The relationship between urban and rural areas can be seen as the relationship between the central and peripheral areas, where cities and rural areas complement each other and promote the development of urban and rural economies. There are also relevant reports on research on urban and rural areas. Iderawumi Abdulraheem Mukhtar conducted a questionnaire survey to investigate the impact of migration from rural to urban areas on education and economic development, focusing on the reasons for urban–rural migration and its impact on students. The survey results indicate that urban–rural migration has different impacts on local government education and development, leading to labor shortages, lack of qualified talent, and low productivity, which is not conducive to urban–rural development [6]. Mui aimed to explore a more comprehensive and comprehensive health approach to strengthen the food system in urban and rural jurisdictions. The survey results show that the comprehensive plan is most likely to solve the food system problems in urban and rural jurisdiction areas [7]. Sukhwani proposed a knowledge-based conceptual framework for addressing the issue of urban–rural resource supply in the Nagpur metropolitan area of India. This framework showcases the overall flow of water resources between urban and rural areas, especially from the perspective of the water–energy–energy–food relationship. Based on the developed framework, he proposed the future direction of promoting the connectivity of Nagpur’s intelligent urban–rural development cluster [8]. Overall, there is not much research on urban and rural areas. To improve the relevant research on URP and construction, it is necessary to evaluate and analyze LCE URP and construction based on energy planning mechanisms.

Based on the energy planning mechanism, this article analyzes the energy planning issues in urban and rural areas. By analyzing the requirements for URP and construction, it points out some shortcomings in URP and construction and provides corresponding solutions. To optimize and improve URP and construction, this article also integrates the concept of LCE, scientifically manages URP and construction from multiple aspects, and constructs a LCE URP and construction evaluation system. It aims to use this evaluation system to effectively evaluate urban and rural carbon emissions issues, providing strong data support for optimizing urban and rural energy planning.

2 Energy planning, LCE concepts, and URP and construction

2.1 Urban energy planning and rural energy planning

Energy planning refers to the primary goal of meeting national economic and social development. Based on the predicted results of energy, this article makes reasonable planning and scientific deployment for the development scale, overall layout, and construction funds of the annual energy supply [9].

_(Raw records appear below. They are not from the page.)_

Lemma right_endpoint_exists : exists thmax,
  theta0 < thmax <= thR /\ xcoord thmax < xcoord thL /\
  forall t, theta0 <= t <= thmax -> tan (phase t) <= 2 * tan t.
Proof.
  pose proof cos_theta0_pos. pose proof thL_lt_theta0. pose proof theta0_lt_thR as HR0.
  assert (Hconst : forall c, continuity_pt (fun _ => c) theta0)
    by (intros c; apply continuity_pt_const; now intros u v).
  assert (Hx : locally theta0 (fun t => xcoord t < xcoord thL)).
  { apply locally_lt_of_continuity; [| apply Hconst | apply xcoord_decreasing; lra].
    eapply continuity_pt_of_derive, is_derive_xcoord. lra. }
  assert (Htan : locally theta0 (fun t => tan (phase t) < 2 * tan t)).
  { assert (0 < tan theta0) by (apply tan_gt_0; unfold theta0; pose proof PI2_1; lra).
    apply locally_lt_of_continuity; [| | rewrite phase_theta0; lra].
    - eapply continuity_pt_of_derive, is_derive_tan_phase. now rewrite phase_theta0.
    - eapply continuity_pt_of_derive, is_derive_scal, is_derive_tan. lra. }
  assert (HR : locally theta0 (fun t => t < thR)).
  { apply locally_lt_of_continuity; [apply continuity_pt_id | apply Hconst | exact HR0]. }
  destruct (locally_right_segment _ _ (filter_and _ _ Hx (filter_and _ _ Htan HR)))
    as [d [Hd Hseg]].
  exists (theta0 + d). destruct (Hseg (theta0 + d)) as [Hxd [_ HRd]]; [lra|].
  split; [lra|]. split; [exact Hxd|].
  intros t Ht. destruct (Hseg t Ht) as [_ [Ht2 _]]. lra.
Qed.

2.1.1 Urban energy planning

To plan urban energy, it is necessary to comprehensively predict the demand for urban energy, to maintain a balanced state of energy supply and demand. It also needs to optimize the energy structure reasonably to ensure an effective energy supply, promote the implementation of energy-saving technical measures, and carry out energy-saving work. By analyzing the output and demand of energy, this article designs the energy system planning scheme and comprehensively evaluates the scheme from multiple aspects such as economic, social, and environmental benefits, to achieve the optimization of the scheme. In the design of the plan, the main objective should be to control carbon emissions and emission intensity. This article combines building energy efficiency standards and energy consumption data information to determine the total energy consumption and carbon emissions under normal circumstances. To plan the urban energy system, it is necessary to set some control indicators and decompose them into different regions to achieve reasonable control of energy consumption. When planning land use, urban transportation, green spaces, ecology, etc., it is also necessary to organically integrate with low-carbon energy system planning. For the planning of different energy projects, it is also necessary to fully coordinate their relationships to achieve the balanced development of various energy projects.

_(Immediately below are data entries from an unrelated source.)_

Lemma Rintegral_compl_le_alpha (V : X -> R) x : D x ->
  ((Rintegral mu (~` D) (p x) / V x)%:E <= alpha mu p V D)%E.
Proof.
move=> Dx; apply: ereal_sup_ubound; exists x => //.
rewrite /Pker EFinM /Rintegral fineK //.
apply: integrable_fin_num => //; first exact: measurableC.
exact: kernel_intS (measurableC mD).
Qed.

Lemma Rintegral_sub_pinf_le_ell i x : part i x ->
  ((Rintegral mu D (fun y => p x y - pinf p (part i) y))%:E
    <= ell mu d p D part theta * (delta `^ theta)%:E)%E.
Proof.
move=> pix; set q := pinf p (part i); set dt := delta `^ theta.
have dt_gt0 : 0 < dt by exact: powR_gt0.
have sq_int := integrableB_EFin mD (kernel_intS x mD) (pinf_int pix).
(* [Lik] need not be measurable, hence the division by [dt] before integrating. *)
have -> : Rintegral mu D (fun y => p x y - q y) =
    Rintegral mu D (fun y => dt^-1 * (p x y - q y)) * dt.
  by rewrite RintegralZl // mulrC mulVKf // gt_eqF.
rewrite EFinM; apply: lee_wpmul2r; first by rewrite lee_fin ltW.
apply: le_trans (le_bigmax _ _ i).
rewrite /Rintegral fineK; last exact/integrable_fin_num/integrableZl_EFin.
apply: ge0_le_integral_nonmeasurable => y Dy.
  by rewrite lee_fin mulr_ge0 ?invr_ge0 ?subr_ge0 ?pinf_le // ltW.
by rewrite mulrC; apply: sub_pinf_le_Lik => //; exact: part_diam.
Qed.

Variables (V : X -> R) (vk : R).
Hypotheses (V_ge1 : forall x, 1 <= V x) (vk_gt0 : 0 < vk)
  (V_notin : forall x, ~ D x -> vk <= V x).

Lemma normc_Phat_sub_Pop_le f x : cmeasurable f -> (forall y, Normc.normc (f y) <= 1) ->
  ((Normc.normc (Phat mu p D part x0 f x - Pop mu p f x) / V x)%:E
    <= 2%:E * maxe (vk^-1)%:E
                  (alpha mu p V D + ell mu d p D part theta * (delta `^ theta)%:E))%E.
Proof.
move=> mf f1; have [a [b [ab ->]]] := normc_cdot (Phat mu p D part x0 f x - Pop mu p f x).
have V_gt0 : 0 < V x := lt_le_trans ltr01 (V_ge1 x).
set h := fun y => cdot a b (f y).
have h1 y : `|h y| <= 1 by exact: le_trans (normr_cdot_le_normc _ ab) (f1 y).
have mh : measurable_fun setT h.
  case: mf => mRe mIm.
  by apply: measurable_realfun.measurable_funD; apply: measurable_realfun.measurable_funM.
have Pop_h : cdot a b (Pop mu p f x) = Rintegral mu setT (fun y => h y * p x y).
  exact: cdot_cintegral_mulr.
have [Dx|Dx] := pselect (D x); last first.
  rewrite /Phat /psi !Qhat_notin // add0r subr0 mulr1 cdotB Pop_h.
  have le2 := sub_Rintegral_mul_le2 (p_ge0 x) (kernel_int x) (Rintegral_kernel x)
    mh h1 (h1 x0).
  apply: (@le_trans _ _ (2 / vk)%:E).
    rewrite lee_fin; apply: le_trans (_ : 2 / V x <= _).
      by rewrite ler_wpM2r // invr_ge0 ltW.
    by rewrite ler_wpM2l // lef_pV2 ?posrE // V_notin.
  by rewrite EFinM lee_wpmul2l ?lee_fin // le_max lexx.
have [i _ pix] : exists2 i, setT i & part i x by rewrite -part_cover in Dx.
rewrite /Phat /psi !(Qhat_in _ _ _ _ _ pix) // mik_cst1.
rewrite -(rmorph1 (real_complex R)) -rmorphB.
rewrite cdotB cdotD cdotMr Pop_h /mik cdot_cintegral_mulr //; last exact: pinf_int pix.
have q_le y : D y -> pinf p (part i) y <= p x y by move=> _; exact: pinf_le.
have err := truncated_kernel_error_le (p_ge0 x) (kernel_int x) (Rintegral_kernel x)
  mh h1 mD (pinf_int pix) q_le (h1 x0).
set D1 := Rintegral mu D (fun y => p x y - pinf p (part i) y) in err *.
set Sc := Rintegral mu (~` D) (p x) in err *.
have D1_ge0 : 0 <= D1 by apply: Rintegral_ge0 => y Dy; rewrite subr_ge0 q_le.
have D1_le := Rintegral_sub_pinf_le_ell pix; have Sc_le := Rintegral_compl_le_alpha V Dx.
apply: (@le_trans _ _ (2 * (D1 + Sc / V x))%:E).
  rewrite lee_fin; apply: (@le_trans _ _ (2 * (D1 + Sc) / V x)).
    by apply: ler_wpM2r; [rewrite invr_ge0 ltW | exact: err].
  by rewrite -mulrA ler_wpM2l // mulrDl lerD2r ler_pdivrMr // ler_peMr.
rewrite EFinM lee_wpmul2l ?lee_fin // EFinD le_max addeC; apply/orP; right.
exact: leeD.
Qed.

End level_bound.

2.1.2 Rural energy planning

Planning the power system requires setting a reasonable power load value based on the local economic development situation. Rural areas with relatively affluent economies would also have higher power load values. For the setting of power load values, a specific analysis needs to be conducted in conjunction with local climate conditions. If the temperature in the region is relatively high all year round, then the requirements for power load in the region would be relatively high. If the temperature in the region is relatively low all year round, then the electricity load in the region would be lower because coal can be used for heating to reduce the electricity load. In addition to the above, it is also necessary to consider the local resource conditions and the existence of other available energy sources, such as solar energy, wind energy, biomass energy, and so on. The use of these energy sources can also achieve the goal of reducing the electricity load.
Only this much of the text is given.